▸ **DATA FOR THIS TASK**:

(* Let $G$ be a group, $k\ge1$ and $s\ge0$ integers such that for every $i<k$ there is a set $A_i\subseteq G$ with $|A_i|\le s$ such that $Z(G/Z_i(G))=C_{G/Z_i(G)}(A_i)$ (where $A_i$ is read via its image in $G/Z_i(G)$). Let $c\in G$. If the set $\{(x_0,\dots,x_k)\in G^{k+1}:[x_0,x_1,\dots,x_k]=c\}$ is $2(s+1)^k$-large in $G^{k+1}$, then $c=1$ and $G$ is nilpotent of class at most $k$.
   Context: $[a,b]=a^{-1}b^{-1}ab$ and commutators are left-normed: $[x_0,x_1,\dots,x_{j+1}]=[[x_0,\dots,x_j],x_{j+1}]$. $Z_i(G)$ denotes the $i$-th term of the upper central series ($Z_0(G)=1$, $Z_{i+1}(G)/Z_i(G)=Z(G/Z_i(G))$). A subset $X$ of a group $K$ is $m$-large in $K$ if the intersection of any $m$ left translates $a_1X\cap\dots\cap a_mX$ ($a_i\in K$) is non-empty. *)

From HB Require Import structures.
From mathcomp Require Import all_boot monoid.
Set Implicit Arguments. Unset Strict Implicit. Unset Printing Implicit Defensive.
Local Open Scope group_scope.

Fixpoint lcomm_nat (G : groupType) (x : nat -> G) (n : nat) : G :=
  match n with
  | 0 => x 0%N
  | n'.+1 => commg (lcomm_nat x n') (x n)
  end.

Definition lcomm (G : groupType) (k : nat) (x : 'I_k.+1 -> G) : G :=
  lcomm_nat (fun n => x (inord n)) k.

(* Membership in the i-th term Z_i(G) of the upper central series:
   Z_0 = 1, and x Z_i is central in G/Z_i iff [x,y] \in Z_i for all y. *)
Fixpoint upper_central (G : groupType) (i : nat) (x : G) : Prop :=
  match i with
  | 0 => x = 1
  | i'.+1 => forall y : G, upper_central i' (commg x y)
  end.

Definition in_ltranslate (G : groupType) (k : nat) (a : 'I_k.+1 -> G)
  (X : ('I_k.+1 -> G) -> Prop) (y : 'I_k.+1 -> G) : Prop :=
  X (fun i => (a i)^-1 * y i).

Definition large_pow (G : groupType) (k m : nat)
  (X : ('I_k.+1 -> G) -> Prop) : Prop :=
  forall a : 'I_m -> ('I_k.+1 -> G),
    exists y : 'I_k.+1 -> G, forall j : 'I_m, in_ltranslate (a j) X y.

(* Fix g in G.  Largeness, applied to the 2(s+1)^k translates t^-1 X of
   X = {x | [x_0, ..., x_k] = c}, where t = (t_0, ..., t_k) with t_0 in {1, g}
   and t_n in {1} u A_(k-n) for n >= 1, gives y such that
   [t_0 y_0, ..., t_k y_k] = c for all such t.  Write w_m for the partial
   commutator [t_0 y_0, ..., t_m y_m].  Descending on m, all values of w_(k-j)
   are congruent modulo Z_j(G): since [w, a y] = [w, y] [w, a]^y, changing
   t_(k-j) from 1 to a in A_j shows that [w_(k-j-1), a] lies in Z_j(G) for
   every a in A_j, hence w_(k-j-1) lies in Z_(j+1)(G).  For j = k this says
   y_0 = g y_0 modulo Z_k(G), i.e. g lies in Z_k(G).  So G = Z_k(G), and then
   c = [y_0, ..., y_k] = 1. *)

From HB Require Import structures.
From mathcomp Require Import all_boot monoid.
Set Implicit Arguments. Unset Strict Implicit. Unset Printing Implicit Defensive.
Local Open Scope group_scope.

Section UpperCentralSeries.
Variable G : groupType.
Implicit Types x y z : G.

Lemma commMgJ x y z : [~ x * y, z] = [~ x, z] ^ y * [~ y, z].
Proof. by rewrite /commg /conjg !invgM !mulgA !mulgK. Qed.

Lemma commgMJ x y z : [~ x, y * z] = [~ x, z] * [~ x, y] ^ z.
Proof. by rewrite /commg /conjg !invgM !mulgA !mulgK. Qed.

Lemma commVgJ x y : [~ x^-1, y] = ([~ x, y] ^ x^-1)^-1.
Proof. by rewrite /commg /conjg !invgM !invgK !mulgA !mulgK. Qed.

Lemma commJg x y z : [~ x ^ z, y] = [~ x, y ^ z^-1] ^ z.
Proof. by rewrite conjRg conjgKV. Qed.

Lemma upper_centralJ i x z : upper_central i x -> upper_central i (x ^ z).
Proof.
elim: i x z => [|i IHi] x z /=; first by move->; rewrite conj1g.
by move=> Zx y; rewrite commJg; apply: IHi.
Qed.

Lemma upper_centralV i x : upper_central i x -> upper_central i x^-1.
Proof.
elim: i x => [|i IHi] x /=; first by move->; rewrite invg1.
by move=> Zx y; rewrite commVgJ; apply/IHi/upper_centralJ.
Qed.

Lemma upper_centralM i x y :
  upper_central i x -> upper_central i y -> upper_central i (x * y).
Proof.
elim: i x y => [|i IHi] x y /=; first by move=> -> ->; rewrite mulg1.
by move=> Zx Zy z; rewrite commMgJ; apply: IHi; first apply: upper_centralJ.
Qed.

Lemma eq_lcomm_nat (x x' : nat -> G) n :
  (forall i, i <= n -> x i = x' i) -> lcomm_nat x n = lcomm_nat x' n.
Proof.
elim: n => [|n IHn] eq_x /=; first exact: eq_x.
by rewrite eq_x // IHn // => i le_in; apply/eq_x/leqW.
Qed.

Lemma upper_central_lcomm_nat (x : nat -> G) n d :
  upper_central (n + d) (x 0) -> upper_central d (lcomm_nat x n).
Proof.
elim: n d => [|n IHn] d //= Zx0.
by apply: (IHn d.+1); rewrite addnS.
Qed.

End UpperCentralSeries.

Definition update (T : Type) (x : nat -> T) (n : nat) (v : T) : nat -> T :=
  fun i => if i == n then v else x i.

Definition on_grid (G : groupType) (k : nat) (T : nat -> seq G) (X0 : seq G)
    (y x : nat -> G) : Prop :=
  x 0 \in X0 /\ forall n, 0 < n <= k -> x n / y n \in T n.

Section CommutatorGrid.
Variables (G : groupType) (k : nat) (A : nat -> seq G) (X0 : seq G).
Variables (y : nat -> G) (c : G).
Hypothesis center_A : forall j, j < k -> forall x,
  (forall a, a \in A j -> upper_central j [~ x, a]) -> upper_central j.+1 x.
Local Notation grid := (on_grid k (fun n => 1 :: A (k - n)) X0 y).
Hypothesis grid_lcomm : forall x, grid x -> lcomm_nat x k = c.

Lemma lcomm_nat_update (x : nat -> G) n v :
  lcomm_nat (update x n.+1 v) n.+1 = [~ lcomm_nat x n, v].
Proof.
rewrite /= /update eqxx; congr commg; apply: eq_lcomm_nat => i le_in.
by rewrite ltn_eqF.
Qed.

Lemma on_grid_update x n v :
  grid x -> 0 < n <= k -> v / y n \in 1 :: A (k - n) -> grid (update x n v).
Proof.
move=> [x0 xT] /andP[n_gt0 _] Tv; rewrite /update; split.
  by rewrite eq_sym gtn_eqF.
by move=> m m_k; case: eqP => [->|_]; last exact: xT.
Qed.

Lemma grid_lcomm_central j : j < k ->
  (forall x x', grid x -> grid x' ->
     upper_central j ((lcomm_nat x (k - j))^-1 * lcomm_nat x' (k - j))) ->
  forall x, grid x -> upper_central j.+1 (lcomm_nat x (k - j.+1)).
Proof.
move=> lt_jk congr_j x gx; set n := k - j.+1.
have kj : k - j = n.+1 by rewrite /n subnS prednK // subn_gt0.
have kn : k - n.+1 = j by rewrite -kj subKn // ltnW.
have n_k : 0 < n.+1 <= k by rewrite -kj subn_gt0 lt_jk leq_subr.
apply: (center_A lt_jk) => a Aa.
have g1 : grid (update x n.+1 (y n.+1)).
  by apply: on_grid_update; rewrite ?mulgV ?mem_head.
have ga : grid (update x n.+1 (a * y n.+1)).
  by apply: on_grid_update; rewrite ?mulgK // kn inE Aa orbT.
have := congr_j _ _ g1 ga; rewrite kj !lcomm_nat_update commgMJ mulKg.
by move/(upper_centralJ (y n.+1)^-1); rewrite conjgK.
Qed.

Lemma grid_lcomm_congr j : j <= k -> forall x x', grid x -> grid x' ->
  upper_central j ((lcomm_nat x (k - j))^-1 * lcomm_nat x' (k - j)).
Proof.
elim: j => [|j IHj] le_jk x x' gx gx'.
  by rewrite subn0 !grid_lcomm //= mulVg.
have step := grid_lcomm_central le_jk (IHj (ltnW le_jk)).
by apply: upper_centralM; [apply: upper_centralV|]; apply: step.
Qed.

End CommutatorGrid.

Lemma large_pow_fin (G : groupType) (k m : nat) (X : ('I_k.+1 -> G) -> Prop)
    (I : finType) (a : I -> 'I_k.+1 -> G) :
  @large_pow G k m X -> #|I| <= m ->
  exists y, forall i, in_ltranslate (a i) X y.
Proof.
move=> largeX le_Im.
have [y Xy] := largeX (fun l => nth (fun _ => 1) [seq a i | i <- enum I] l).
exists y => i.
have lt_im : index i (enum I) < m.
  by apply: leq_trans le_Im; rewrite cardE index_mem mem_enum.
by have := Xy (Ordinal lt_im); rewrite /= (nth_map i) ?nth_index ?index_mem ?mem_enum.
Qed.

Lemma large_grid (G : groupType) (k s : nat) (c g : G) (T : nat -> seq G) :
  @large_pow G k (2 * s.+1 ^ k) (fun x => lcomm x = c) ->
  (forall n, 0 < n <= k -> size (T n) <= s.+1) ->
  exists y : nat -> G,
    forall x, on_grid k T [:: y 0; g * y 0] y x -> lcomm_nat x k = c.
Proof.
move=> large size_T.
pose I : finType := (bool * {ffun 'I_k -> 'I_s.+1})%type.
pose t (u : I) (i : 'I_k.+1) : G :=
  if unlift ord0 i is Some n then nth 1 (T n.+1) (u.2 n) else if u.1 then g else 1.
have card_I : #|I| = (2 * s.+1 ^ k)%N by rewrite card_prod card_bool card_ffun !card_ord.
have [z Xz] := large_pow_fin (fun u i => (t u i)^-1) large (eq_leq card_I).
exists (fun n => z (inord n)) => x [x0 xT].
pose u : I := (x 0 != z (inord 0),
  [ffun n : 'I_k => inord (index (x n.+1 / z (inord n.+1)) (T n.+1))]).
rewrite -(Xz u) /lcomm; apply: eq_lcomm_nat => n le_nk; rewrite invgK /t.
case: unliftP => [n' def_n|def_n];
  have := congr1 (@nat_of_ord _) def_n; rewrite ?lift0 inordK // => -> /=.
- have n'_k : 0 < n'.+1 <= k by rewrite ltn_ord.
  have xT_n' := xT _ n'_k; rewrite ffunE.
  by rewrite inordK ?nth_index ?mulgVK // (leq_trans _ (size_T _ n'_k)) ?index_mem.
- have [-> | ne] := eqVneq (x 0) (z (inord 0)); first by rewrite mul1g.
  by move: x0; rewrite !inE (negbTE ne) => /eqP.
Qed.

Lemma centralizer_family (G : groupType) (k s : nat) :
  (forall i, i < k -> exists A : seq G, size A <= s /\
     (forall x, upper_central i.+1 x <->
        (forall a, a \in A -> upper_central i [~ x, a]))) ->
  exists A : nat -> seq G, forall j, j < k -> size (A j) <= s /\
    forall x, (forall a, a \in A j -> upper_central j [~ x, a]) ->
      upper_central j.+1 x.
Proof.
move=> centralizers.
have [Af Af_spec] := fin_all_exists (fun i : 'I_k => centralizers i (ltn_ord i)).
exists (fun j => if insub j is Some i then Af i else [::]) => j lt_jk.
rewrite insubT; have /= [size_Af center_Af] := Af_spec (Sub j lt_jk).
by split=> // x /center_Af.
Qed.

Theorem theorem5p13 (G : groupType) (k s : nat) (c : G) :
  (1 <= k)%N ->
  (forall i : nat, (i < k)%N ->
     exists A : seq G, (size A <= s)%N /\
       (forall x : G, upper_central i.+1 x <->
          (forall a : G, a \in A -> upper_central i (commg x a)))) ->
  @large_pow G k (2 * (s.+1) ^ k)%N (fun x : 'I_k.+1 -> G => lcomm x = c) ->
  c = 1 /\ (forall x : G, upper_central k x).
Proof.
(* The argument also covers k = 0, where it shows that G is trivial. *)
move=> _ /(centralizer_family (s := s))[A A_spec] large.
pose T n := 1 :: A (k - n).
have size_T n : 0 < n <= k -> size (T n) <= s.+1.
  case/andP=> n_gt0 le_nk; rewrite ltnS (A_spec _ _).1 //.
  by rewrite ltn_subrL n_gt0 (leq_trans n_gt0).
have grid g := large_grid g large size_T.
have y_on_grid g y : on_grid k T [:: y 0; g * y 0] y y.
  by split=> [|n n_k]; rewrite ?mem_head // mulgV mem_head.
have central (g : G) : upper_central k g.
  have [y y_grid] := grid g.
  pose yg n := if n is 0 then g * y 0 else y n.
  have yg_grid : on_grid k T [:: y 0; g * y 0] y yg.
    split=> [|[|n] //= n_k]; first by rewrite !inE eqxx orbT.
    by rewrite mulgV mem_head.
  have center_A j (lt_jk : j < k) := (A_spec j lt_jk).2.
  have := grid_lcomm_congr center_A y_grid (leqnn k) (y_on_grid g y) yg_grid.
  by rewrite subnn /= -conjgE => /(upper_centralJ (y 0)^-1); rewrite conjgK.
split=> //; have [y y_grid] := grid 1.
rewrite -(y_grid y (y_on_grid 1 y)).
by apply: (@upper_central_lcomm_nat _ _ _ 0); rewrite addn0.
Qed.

▸ **YOUR GOAL**:
Reproduce, word for word and in full, only the lines above that start at the line with "End UpperCentralSeries." and run through the line with "Hypothesis grid_lcomm : forall", both ends included.

▸ **RESPONSE TO THIS EXERCISE**:
End UpperCentralSeries.

Definition update (T : Type) (x : nat -> T) (n : nat) (v : T) : nat -> T :=
  fun i => if i == n then v else x i.

Definition on_grid (G : groupType) (k : nat) (T : nat -> seq G) (X0 : seq G)
    (y x : nat -> G) : Prop :=
  x 0 \in X0 /\ forall n, 0 < n <= k -> x n / y n \in T n.

Section CommutatorGrid.
Variables (G : groupType) (k : nat) (A : nat -> seq G) (X0 : seq G).
Variables (y : nat -> G) (c : G).
Hypothesis center_A : forall j, j < k -> forall x,
  (forall a, a \in A j -> upper_central j [~ x, a]) -> upper_central j.+1 x.
Local Notation grid := (on_grid k (fun n => 1 :: A (k - n)) X0 y).
Hypothesis grid_lcomm : forall x, grid x -> lcomm_nat x k = c.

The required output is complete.